START Information provided
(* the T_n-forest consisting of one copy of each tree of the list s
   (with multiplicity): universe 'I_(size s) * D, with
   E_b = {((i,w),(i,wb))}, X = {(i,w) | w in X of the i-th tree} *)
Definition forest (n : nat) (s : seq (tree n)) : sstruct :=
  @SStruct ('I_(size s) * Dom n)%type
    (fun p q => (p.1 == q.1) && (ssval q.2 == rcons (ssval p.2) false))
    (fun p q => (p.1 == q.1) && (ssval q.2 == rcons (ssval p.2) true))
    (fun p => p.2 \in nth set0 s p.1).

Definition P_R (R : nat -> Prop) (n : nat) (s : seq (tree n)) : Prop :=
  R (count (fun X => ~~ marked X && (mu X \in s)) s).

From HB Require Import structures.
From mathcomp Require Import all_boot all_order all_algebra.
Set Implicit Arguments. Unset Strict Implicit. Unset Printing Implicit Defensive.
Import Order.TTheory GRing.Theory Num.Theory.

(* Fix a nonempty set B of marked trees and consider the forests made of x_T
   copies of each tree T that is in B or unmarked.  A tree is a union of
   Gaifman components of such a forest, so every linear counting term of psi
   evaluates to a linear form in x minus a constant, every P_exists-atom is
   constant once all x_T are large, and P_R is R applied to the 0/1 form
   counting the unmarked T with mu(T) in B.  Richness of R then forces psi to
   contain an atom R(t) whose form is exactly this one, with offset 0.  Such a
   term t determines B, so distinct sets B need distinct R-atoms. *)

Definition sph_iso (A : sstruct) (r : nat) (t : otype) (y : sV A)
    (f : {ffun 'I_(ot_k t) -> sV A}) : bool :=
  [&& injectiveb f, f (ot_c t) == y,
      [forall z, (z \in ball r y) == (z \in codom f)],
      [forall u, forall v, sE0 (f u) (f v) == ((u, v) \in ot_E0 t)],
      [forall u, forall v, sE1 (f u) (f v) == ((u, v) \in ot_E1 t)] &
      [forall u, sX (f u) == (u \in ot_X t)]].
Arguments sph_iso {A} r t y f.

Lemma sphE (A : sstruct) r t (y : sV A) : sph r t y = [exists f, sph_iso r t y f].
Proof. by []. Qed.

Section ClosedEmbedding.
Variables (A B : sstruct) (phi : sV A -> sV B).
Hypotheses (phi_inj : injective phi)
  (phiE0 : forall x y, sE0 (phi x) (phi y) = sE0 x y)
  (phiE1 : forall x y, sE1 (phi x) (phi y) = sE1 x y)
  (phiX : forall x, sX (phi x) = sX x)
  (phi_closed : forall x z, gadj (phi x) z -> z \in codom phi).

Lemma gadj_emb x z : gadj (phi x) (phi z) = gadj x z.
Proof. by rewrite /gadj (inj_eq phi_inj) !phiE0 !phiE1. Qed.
END Information provided
[What to produce] Return exactly the lines above from the line that has "Variables (A B" through the line that has "Lemma gadj_emb x", inclusive, and nothing else.

[Result]
Variables (A B : sstruct) (phi : sV A -> sV B).
Hypotheses (phi_inj : injective phi)
  (phiE0 : forall x y, sE0 (phi x) (phi y) = sE0 x y)
  (phiE1 : forall x y, sE1 (phi x) (phi y) = sE1 x y)
  (phiX : forall x, sX (phi x) = sX x)
  (phi_closed : forall x z, gadj (phi x) z -> z \in codom phi).

Lemma gadj_emb x z : gadj (phi x) (phi z) = gadj x z.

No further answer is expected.